Your task: For the records that follow, work out how many lines include "polynomials" and give only that count.

Supplied records:

(* Let $(B_k,\delta_k)_{k\ge1}$ be a sequence with $\delta_k\in(0,1/4)$, $B_k\ge1$ and $B_k/\log(\delta_k^{-1})\to\infty$. Then \[ d_{B_k;\delta_k}(e^{-x})\ge\big(\tfrac12+o(1)\big)\sqrt{B_k\log\big((2\delta_k)^{-1}\big)}\qquad(k\to\infty). \]
   Context: For real $B\ge1$, $\delta\in(0,1)$ and a function $f:[0,B]\to\mathbb{R}$, $d_{B;\delta}(f)$ denotes the minimum degree of a non-constant real polynomial $p$ satisfying $\sup_{x\in[0,B]}|p(x)-f(x)|<\delta$. Logarithms are natural. *)

From HB Require Import structures.
From mathcomp Require Import all_boot all_order all_algebra.
From mathcomp Require Import all_classical all_reals all_analysis.
Set Implicit Arguments. Unset Strict Implicit. Unset Printing Implicit Defensive.
Import Order.TTheory GRing.Theory Num.Theory.
Local Open Scope classical_set_scope.
Local Open Scope ring_scope.

(* p approximates f on [0,B] with sup_{x in [0,B]} |p(x) - f(x)| < delta.
   "sup < delta" is written out as: some eta < delta bounds |p - f| on [0,B]. *)
Definition approx_on (R : realType) (B delta : R) (f : R -> R) (p : {poly R}) : Prop :=
  exists2 eta : R, eta < delta &
    forall x : R, 0 <= x <= B -> `|p.[x] - f x| <= eta.

Definition approx_degrees (R : realType) (B delta : R) (f : R -> R) : set R :=
  [set (n%:R : R) | n in [set n : nat | exists p : {poly R},
     (1 < size p)%N /\ (size p).-1 = n /\ approx_on B delta f p]].

Definition dmin (R : realType) (B delta : R) (f : R -> R) : R :=
  inf (approx_degrees B delta f).

(* If p approximates e^{-x} within delta on [0,B], then Q := p - delta/4 is
   small on [s,B], s = ln(2/delta), where e^{-x} <= delta/2, but Q(0) is close
   to 1.  Mapping [s,B] affinely onto [-1,1] sends 0 to y = (B+s)/(B-s) > 1,
   and the extremal growth of Chebyshev polynomials, |Q(y)| <= T_n(y) max
   |Q| on [-1,1], forces T_n(y) >~ 1/delta.  With y = (u + 1/u)/2,
   u = (1+r)/(1-r) and r = sqrt(s/B), this reads n ln u >= ln(1/delta), so
   n >= (1 - r) ln(1/delta) / (2r) ~ sqrt(B ln(1/(2 delta)))/2 as r -> 0.
   The Chebyshev bound comes from Lagrange interpolation at the nodes
   cos(k pi/n): at points y >= 1 the Lagrange basis polynomials alternate in
   sign exactly as T_n does at the nodes. *)

From HB Require Import structures.
From mathcomp Require Import all_boot all_order all_algebra.
From mathcomp Require Import all_classical all_reals all_analysis.
From mathcomp Require Import ring lra zify.

Set Implicit Arguments.
Unset Strict Implicit.
Unset Printing Implicit Defensive.
Import Order.TTheory GRing.Theory Num.Theory.
Local Open Scope classical_set_scope.
Local Open Scope ring_scope.

Fixpoint cheb {R : nzRingType} (n : nat) : {poly R} :=
  match n with
  | 0%N => 1
  | 1%N => 'X
  | (m.+1 as k).+1 => 2%:P * 'X * cheb k - cheb m
  end.

Lemma cheb_ind (P : nat -> Prop) : P 0%N -> P 1%N ->
  (forall n, P n -> P n.+1 -> P n.+2) -> forall n, P n.
Proof.
move=> P0 P1 PS n; suff: P n /\ P n.+1 by case.
by elim: n => [|n [Pn Pn1]]; split => //; apply: PS.
Qed.

Lemma chebSS (R : nzRingType) n :
  cheb n.+2 = 2%:P * 'X * cheb n.+1 - cheb n :> {poly R}.
Proof. by []. Qed.

Lemma size_cheb (R : nzRingType) n : (size (cheb n : {poly R}) <= n.+1)%N.
Proof.
elim/cheb_ind: n => [|| n le1 le2]; first by rewrite /= size_poly1.
  by rewrite size_polyX.
rewrite chebSS (leq_trans (size_polyD _ _)) // size_polyN geq_max.
apply/andP; split; last by lia.
have sX : (size (2%:P * 'X : {poly R})%R <= 2)%N.
  rewrite (leq_trans (size_polyMleq _ _)) // size_polyX addn2 /=.
  exact: size_polyC_leq1.
by rewrite (leq_trans (size_polyMleq _ _)) //; lia.
Qed.

Lemma horner_cheb_cos (R : realType) n (t : R) : (cheb n).[cos t] = cos (n%:R * t).
Proof.
elim/cheb_ind: n => [|| n IH1 IH2]; first by rewrite hornerC mul0r cos0.
  by rewrite hornerX mul1r.
rewrite chebSS !hornerE IH1 IH2.
have -> : n.+2%:R * t = n.+1%:R * t + t by rewrite -addn1 natrD; ring.
have -> : n%:R * t = n.+1%:R * t - t by rewrite -addn1 natrD; ring.
by rewrite !cosD cosN sinN; ring.
Qed.

Lemma horner_cheb_half (R : numFieldType) n (u : R) : u != 0 ->
  (cheb n).[(u + u^-1) / 2] = (u ^+ n + u ^- n) / 2.
Proof.
move=> u0; elim/cheb_ind: n => [|| n IH1 IH2].
- by rewrite /= hornerC expr0 invr1 -[1 + 1]/(2 : R) divff // pnatr_eq0.
- by rewrite hornerX expr1.
rewrite chebSS hornerD hornerN !hornerM hornerC hornerX IH1 IH2 !exprS !invfM.
have un0 := expf_neq0 n u0; move: (u ^+ n) un0 => w w0.
by field; rewrite w0 u0.
Qed.

Lemma prod_sign_alternating (R : realDomainType) m (i : 'I_m) (f : 'I_m -> R) :
  (forall j : 'I_m, (j < i)%N -> f j < 0) -> (forall j : 'I_m, (i < j)%N -> 0 < f j) ->
  0 < (-1) ^+ i * \prod_(j < m | j != i) f j.
Proof.
move=> fneg fpos.
rewrite (bigID (fun j : 'I_m => (j < i)%N)) /= mulrA.
have -> : \prod_(j < m | (j != i) && (j < i)%N) f j = \prod_(j < m | (j < i)%N) f j.
  by apply: eq_bigl => j; rewrite andb_idl // => /ltn_eqF; rewrite -val_eqE => ->.
rewrite (big_ord_narrow (ltnW (ltn_ord i))); apply: mulr_gt0.
  rewrite -[X in _ ^+ X](card_ord i) -prodrN.
  by apply: prodr_gt0 => j _; rewrite oppr_gt0 fneg //= ltn_ord.
apply: prodr_gt0 => j /andP [ji /negbTE ij]; apply: fpos.
by rewrite ltn_neqAle leqNgt ij andbT eq_sym.
Qed.

Lemma horner_lagrange (K : fieldType) n (x : nat -> K) (i : 'I_n) z :
  (0 < n)%N -> injective x ->
  (tnth (n.-lagrange x) i).[z] =
    (\prod_(j < n | j != i) (x i - x j))^-1 * \prod_(j < n | j != i) (z - x j).
Proof.
move=> n0 xinj; rewrite lagrangeE // /= hornerCM !horner_prod.
by congr (_^-1 * _); apply: eq_bigr => j _; rewrite hornerXsubC.
Qed.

Answer space: 2